Orthogonal Frequency Division Multiple Access (OFDMA): OFDMA is used in the downlink (DL) of LTE, where the frequency spectrum is divided into several subcarriers. This allows multiple users to be served simultaneously without interference. Each user is assigned a set of subcarriers, and multicarrier transmission increases the total capacity and data rates.

Single Carrier Frequency Division Multiple Access (SC-FDMA): SC-FDMA is used in the uplink (UL) of LTE. It provides low PAPR (Peak-to-Average Power Ratio), which is beneficial for mobile devices with limited battery life. By using SC-FDMA, LTE ensures efficient uplink transmission even when multiple carriers are involved.

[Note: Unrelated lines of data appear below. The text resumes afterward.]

Lemma sum_mul_ln_endpoints {N} {P : pathT n N -> R} {nu0 nuN f g} :
  marginal P ord0 =1 nu0 -> marginal P ord_max =1 nuN ->
  (forall x, 0 < f x) -> (forall x, 0 < g x) ->
  \sum_w P w * ln (f (w ord0) * g (w ord_max))
    = \sum_x nu0 x * ln (f x) + \sum_x nuN x * ln (g x).
Proof.
move=> P0 PN f_gt0 g_gt0.
under eq_bigr do rewrite lnM ?posrE // mulrDr.
rewrite big_split /= (sum_mul_marginal _ _ _ (fun x => ln (f x))).
rewrite (sum_mul_marginal _ _ _ (fun x => ln (g x))).
by congr (_ + _); apply: eq_bigr => x _; rewrite ?P0 ?PN.
Qed.

End MarkovPaths.

Lemma prod_htransform {R : realType} {T : Type} (a : T -> T -> R) (v : T -> R)
    (lam : R) (x : nat -> T) m :
  lam != 0 -> (forall t, v t != 0) ->
  \prod_(k < m) (v (x k.+1) / (lam * v (x k)) * a (x k) (x k.+1))
    = v (x m) / (lam ^+ m * v (x 0)) * \prod_(k < m) a (x k) (x k.+1).
Proof.
move=> lam_neq0 v_neq0; elim: m => [|m IH].
  by rewrite !big_ord0 expr0 mul1r divff ?mulr1.
rewrite !big_ord_recr /= IH exprS; field.
by rewrite expf_neq0 // lam_neq0 !v_neq0.
Qed.

Lemma eigenvalue_gt0 {R : realType} {n} {a : 'I_n -> 'I_n -> R} {v lam i j} :
  (forall i j, 0 <= a i j) -> (forall i, 0 < v i) ->
  (forall i, \sum_j a i j * v j = lam * v i) -> 0 < a i j -> 0 < lam.
Proof.
move=> a_ge0 v_gt0 Av aij_gt0; rewrite -(pmulr_lgt0 _ (v_gt0 i)) -Av.
apply: lt_le_trans (mulr_gt0 aij_gt0 (v_gt0 j)) _.
rewrite (bigD1 j) //= lerDl sumr_ge0 // => k _.
exact: mulr_ge0 (a_ge0 i k) (ltW (v_gt0 k)).
Qed.
Lemma shrink_weight_le {xp x be} : D xp -> D x -> 0 < be ->
  (forall z, D z -> (tikh r F xp (L ^+ 2 * be / 2) x <= tikh r F xp (L ^+ 2 * be / 2) z)%E) ->
  (shrink_weight xp x be <= ((4 * `|F xp - F x| / (L * be)) ^+ 2)%:E)%E.
Proof.
move=> Dxp Dx be0 xmin; set al := L ^+ 2 * be / 2; set e := `|F xp - F x|.
set z := shrink xp x be.
have al0 : 0 < al by rewrite !mulr_gt0 ?exprn_gt0.
have Dz : D z by apply: D_le Dx _; apply: shrink_le.
have N1xE := norm1_shrink xp x be be0.
have [nz [wb [nzE wbE]]] := ge0_addeZ_EFin (divr_gt0 be0 (ltr0Sn _ 1)) (norm1_ge0 _ r_ge0 z)
  (shrink_weight_ge0 xp x be) (esym (etrans (fineK (norm1_tikh_min_fin Dxp al0 xmin)) N1xE)).
have wb0 : 0 <= wb by rewrite -lee_fin -wbE shrink_weight_ge0.
set s := L * be * Num.sqrt wb.
have s0 : 0 <= s by rewrite !mulr_ge0 ?sqrtr_ge0 ?ltW.
have s2E : s ^+ 2 / 4 = al * (be / 2 * wb).
  by rewrite /s /al !exprMn sqr_sqrtr //; field.
have Fxz : `|F x - F z| <= s / 2.
  have := sqr_sub_le Dx Dz; rewrite (sqnorm_sub_shrink _ _ _ be0) wbE -!EFinM lee_fin => h.
  rewrite -ler_sqr ?nnegrE ?divr_ge0 //; apply: le_trans h _.
  by rewrite le_eqVlt /s !expr_div_n !exprMn sqr_sqrtr //; apply/orP; left; apply/eqP; field.
have Fxpz : `|F xp - F z| <= e + s / 2.
  by rewrite -[F xp](subrK (F x)) -addrA (le_trans (ler_normD _ _)) // lerD2l.
have gain : e ^+ 2 / 2 + s ^+ 2 / 4 <= (e + s / 2) ^+ 2 / 2.
  have := xmin z Dz; rewrite !tikhE N1xE nzE wbE -!EFinM -!EFinD lee_fin => opt.
  have ez2 : `|F xp - F z| ^+ 2 <= (e + s / 2) ^+ 2.
    by rewrite ler_sqr ?nnegrE ?addr_ge0 ?divr_ge0 ?normr_ge0.
  move: opt; rewrite -/e -/al s2E; lra.
have := quadratic_gain_le _ _ (normr_ge0 _) s0 gain.
rewrite wbE lee_fin => se.
have sw : Num.sqrt wb <= 4 * e / (L * be) by rewrite ler_pdivlMr ?mulr_gt0 // mulrC.
by rewrite -(sqr_sqrtr wb0) !expr2 ler_pM ?sqrtr_ge0.
Qed.

Lemma kt_level_le_residual {xp x be} : D xp -> D x -> 0 < be ->
  (forall z, D z -> (tikh r F xp (L ^+ 2 * be / 2) x <= tikh r F xp (L ^+ 2 * be / 2) z)%E) ->
  (kt_level xp be <= ((16 / L ^+ 2 + 4 * L ^+ 2) * `|F xp - F x| ^+ 2 / be ^+ 2)%:E)%E.
Proof.
move=> Dxp Dx be0 xmin; apply: le_trans (kt_level_le_shrink xp x _ be0) _.
have [wb -> wble] :=
  ge0_bounded_EFin (shrink_weight_ge0 xp x be) (shrink_weight_le Dxp Dx be0 xmin).
have [q -> qle] := ge0_bounded_EFin (sqnorm_ge0 a _) (sqnorm_sub_le Dxp Dx).
rewrite -EFinM -EFinD lee_fin; apply: le_trans (lerD wble (ler_wpM2l _ qle)) _.
  by rewrite divr_ge0 ?sqr_ge0.
by rewrite le_eqVlt; apply/orP; left; apply/eqP; field; rewrite !gt_eqF.
Qed.

Lemma tikh_min_le_kt {t k xp al x} : 1 < t < 2 -> D xp -> ktnorm a r t xp = k%:E -> 0 < al ->
  (forall z, D z -> (tikh r F xp al x <= tikh r F xp al z)%E) ->
  (tikh r F xp al x <= (kt_tikh_const t L * k `^ t * al `^ (2 - t))%:E)%E.
Proof.
move=> ht Dxp kE al0 xmin; have [Dz tz] := tikh_kt_trunc_le ht Dxp kE al0.
exact: le_trans (xmin _ Dz) tz.
Qed.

Benefits of Multicarrier Technologies:

• Increased Data Rates: By aggregating multiple carriers, LTE can achieve higher data rates, supporting bandwidth-intensive applications like HD video streaming and large file downloads.
• Better Spectrum Utilization: Multicarrier technologies allow LTE to use the available spectrum more efficiently, including fragmented spectrum across different bands.
• Enhanced Network Capacity: Carrier aggregation increases the number of users that can be served simultaneously, improving the overall capacity of the LTE network.

In summary, multicarrier technologies like Carrier Aggregation, OFDMA, and SC-FDMA enhance LTE’s performance by increasing data throughput, maximizing spectrum utilization, and improving overall network capacity. These technologies are fundamental in supporting the high data rates and efficiency required by modern mobile applications.